# Birmingham Cemetery



## Raddogextreme (Oct 5, 2005)

*Site type:* Cemetery

*Hazards:* tramps! 

*Recommended? *: Maybe? I've never seen anything like this...

Went out to play with my new camera the other day and stumbled across this unusual feature in a cemetery in Birmingham. In the middle of the cemetery as it begins to go down a slope, this two storey crescent has been dug out. 

Many of the alcoves have been used and headstones are on the "doors" All the others are sealed, although I'm not sure if this is permanent or not.

I'm not a graveyard person at all, in fact this is the first time I've explored one, so apologies if this is a run of the mill location. It is quite impressive if you're in the area...


----------



## turkey (Oct 6, 2005)

*Re: Birmingham Cemetary*

hey, yeah, that looks quite strange and interesting.

nice find, where is it? brum centre...?

u been upto much recently mate?

turk


----------



## Raddogextreme (Oct 6, 2005)

*Re: Birmingham Cemetary*

Hi Turk, yeah it's really simple to find just in the jewellery quarter, can't miss it, but this bit is in the middle and a little bit hidden.

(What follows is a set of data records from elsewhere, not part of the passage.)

(* Let $G>I$ be a finite group with trivial center $Z(G)=I$ and let $\sigma_1,\sigma_2\in G$ with $G=\langle\sigma_1,\sigma_2\rangle$ and $o(\sigma_1\sigma_2)=2$. Then: (a) For $e_1=[\sigma_1,\sigma_1,\sigma_2,\sigma_1\sigma_2\sigma_1^{-1}]$ and $e_2=e_1^{\beta_{13}}$ we have $e_2=[\sigma_1,\sigma_2\sigma_1\sigma_2^{-1},\sigma_2,\sigma_2]$, and $Z_1=\{e_1,e_2\}$ is an orbit of length $2$ under $B_4$, on which $\beta_{12}$ fixes $e_1$ and $e_2$, $\beta_{13}$ and $\beta_{14}$ interchange $e_1$ and $e_2$, $\rho_4(B_4)\cong C_2$, and $g_{Z_1}=0$. (b) For $e_3=[\sigma_1,\sigma_2,\sigma_1,\sigma_2]$ and $e_4=e_3^{\beta_{12}}$ we have $e_4=[\sigma_1,\sigma_2,\sigma_2^{-1}\sigma_1\sigma_2,\sigma_1\sigma_2\sigma_1^{-1}]$, and $Z_2=\{e_3,e_4\}$ is an orbit of length $2$ under $B_4$, on which $\beta_{12}$ and $\beta_{14}$ interchange $e_3,e_4$, $\beta_{13}$ fixes $e_3$ and $e_4$, $\rho_4(B_4)\cong C_2$, and $g_{Z_2}=0$. (c) For $e_5=[\sigma_1,\sigma_2,\sigma_2,\sigma_2^{-1}\sigma_1\sigma_2]$ and $e_6=e_5^{\beta_{12}}$ we have $e_6=[\sigma_1,\sigma_2,\sigma_1\sigma_2\sigma_1^{-1},\sigma_1]$, and $Z_3=\{e_5,e_6\}$ is an orbit of length $2$ under $B_4$, on which $\beta_{12}$ and $\beta_{13}$ interchange $e_5,e_6$, $\beta_{14}$ fixes $e_5$ and $e_6$, $\rho_4(B_4)\cong C_2$, and $g_{Z_3}=0$.
   Context: $\iota$ denotes the identity of $G$ and $I$ the trivial group. For conjugacy classes $C_1,\dots,C_4$ of $G$, $\Sigma^i(C_1,\dots,C_4)$ is the set of $G$-conjugacy classes $[\sigma_1,\dots,\sigma_4]$ (under simultaneous conjugation) of tuples with $\sigma_j\in C_j$, $\langle\sigma_1,\dots,\sigma_4\rangle=G$, $\sigma_1\sigma_2\sigma_3\sigma_4=\iota$. The Hurwitz braid group $H_4=\langle\beta_2,\beta_3,\beta_4\rangle$ acts from the right by $[\underline{\sigma}]^{\beta_2}=[\sigma_1\sigma_2\sigma_1^{-1},\sigma_1,\sigma_3,\sigma_4]$, $[\underline{\sigma}]^{\beta_3}=[\sigma_1,\sigma_2\sigma_3\sigma_2^{-1},\sigma_2,\sigma_4]$, $[\underline{\sigma}]^{\beta_4}=[\sigma_1,\sigma_2,\sigma_3\sigma_4\sigma_3^{-1},\sigma_3]$. The pure braid group $B_4$ is generated by $\beta_{12}=\beta_2^2$, $\beta_{13}=\beta_2^{-1}\beta_3^2\beta_2$, $\beta_{14}=\beta_2^{-1}\beta_3^{-1}\beta_4^2\beta_3\beta_2$, $\beta_{23}=\beta_3^2$, $\beta_{24}=\beta_3^{-1}\beta_4^2\beta_3$, $\beta_{34}=\beta_4^2$ and preserves each $\Sigma^i(C_1,\dots,C_4)$; $\rho_4$ denotes the induced permutation representation. For a $B_4$-orbit $Z$, let $z_{1j}$ be the number of cycles (fixed points included) of $\rho_4(\beta_{1j})$ on $Z$; the genus is $g_Z=1-|Z|+\frac12(3|Z|-z_{12}-z_{13}-z_{14})$. *)

From mathcomp Require Import all_boot all_order all_algebra all_fingroup all_solvable.
Set Implicit Arguments. Unset Strict Implicit. Unset Printing Implicit Defensive.
Import GRing.Theory.

Local Open Scope group_scope.

Section Braid.
Variable gT : finGroupType.

Definition tup := (gT * gT * gT * gT)%type.

(* x ^ y = y^-1 * x * y in mathcomp, so  a b a^-1 = b ^ a^-1. *)
Inductive hletter := HB2 | HB3 | HB4 | HB2i | HB3i | HB4i.

Definition hact (l : hletter) (t : tup) : tup :=
  let '(a, b, c, d) := t in
  match l with
  | HB2 => (b ^ a^-1, a, c, d)
  | HB3 => (a, c ^ b^-1, b, d)
  | HB4 => (a, b, d ^ c^-1, c)
  | HB2i => (b, a ^ b, c, d)
  | HB3i => (a, c, b ^ c, d)
  | HB4i => (a, b, d, c ^ d)
  end.

Definition linv (l : hletter) : hletter :=
  match l with
  | HB2 => HB2i | HB3 => HB3i | HB4 => HB4i
  | HB2i => HB2 | HB3i => HB3 | HB4i => HB4
  end.

(* right action of a word: the first letter acts first *)
Definition hact_word (w : seq hletter) (t : tup) : tup :=
  foldl (fun t l => hact l t) t w.

Definition inv_word (w : seq hletter) : seq hletter := rev (map linv w).

Definition beta12 : seq hletter := [:: HB2; HB2].
Definition beta13 : seq hletter := [:: HB2i; HB3; HB3; HB2].
Definition beta14 : seq hletter := [:: HB2i; HB3i; HB4; HB4; HB3; HB2].
Definition beta23 : seq hletter := [:: HB3; HB3].
Definition beta24 : seq hletter := [:: HB3i; HB4; HB4; HB3].
Definition beta34 : seq hletter := [:: HB4; HB4].

Inductive pgen := P12 | P13 | P14 | P23 | P24 | P34.

Definition pgen_word (g : pgen) : seq hletter :=
  match g with
  | P12 => beta12 | P13 => beta13 | P14 => beta14
  | P23 => beta23 | P24 => beta24 | P34 => beta34
  end.

(* an element of the pure braid group B_4: a word in the beta_ij and their
   inverses (true = beta_ij, false = beta_ij^-1) *)
Definition pword (p : seq (pgen * bool)) : seq hletter :=
  flatten [seq (if x.2 then pgen_word x.1 else inv_word (pgen_word x.1)) | x <- p].

Definition conj4 (t : tup) (g : gT) : tup :=
  let '(a, b, c, d) := t in (a ^ g, b ^ g, c ^ g, d ^ g).

Definition cls (G : {set gT}) (t : tup) : {set tup} := [set conj4 t g | g in G].

Definition cact (w : seq hletter) (X : {set tup}) : {set tup} := hact_word w @: X.

(* the tuple satisfies the defining conditions of Sigma^i: product-one and
   generation of G (the classes C_j are those of its entries) *)
Definition in_Sigma (G : {set gT}) (t : tup) : Prop :=
  let '(a, b, c, d) := t in a * b * c * d = 1 /\ <<[set a; b; c; d]>> = G.

Definition is_B4_orbit (Z : {set {set tup}}) (e : {set tup}) : Prop :=
  forall X, (exists p, cact (pword p) e = X) <-> X \in Z.

(* rho_4(B_4) restricted to {e, e'} is the group {id, swap} = C_2 *)
Definition rho_C2 (e e' : {set tup}) : Prop :=
  (forall p, (cact (pword p) e = e /\ cact (pword p) e' = e') \/
             (cact (pword p) e = e' /\ cact (pword p) e' = e)) /\
  (exists p, cact (pword p) e = e' /\ cact (pword p) e' = e).

(* number of cycles (fixed points included) of beta_1j on Z *)
Definition zcyc (w : seq hletter) (Z : {set {set tup}}) : nat := fcard (cact w) (mem Z).

Definition genus (Z : {set {set tup}}) : rat :=
  (1 - (#|Z|)%:R + ((3 * #|Z|)%:R - (zcyc beta12 Z)%:R - (zcyc beta13 Z)%:R
                    - (zcyc beta14 Z)%:R) / 2)%R.

Definition fixes (w : seq hletter) (e : {set tup}) : Prop := cact w e = e.
Definition swaps (w : seq hletter) (e e' : {set tup}) : Prop :=
  cact w e = e' /\ cact w e' = e.

End Braid.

Been busy with a new job and also family\GF commitments, really spoiled my weekends!, esp with a new camera sat waiting here to be taken cool places.


----------



## James Hall (Oct 6, 2005)

*Re: Birmingham Cemetary*

I've heard of avenues of Victorian mausolea like this in London as well, It's an idea copied from the Romans, Over here that kind of thing is pretty unusual apart from in the great metropoli.
James Hall


----------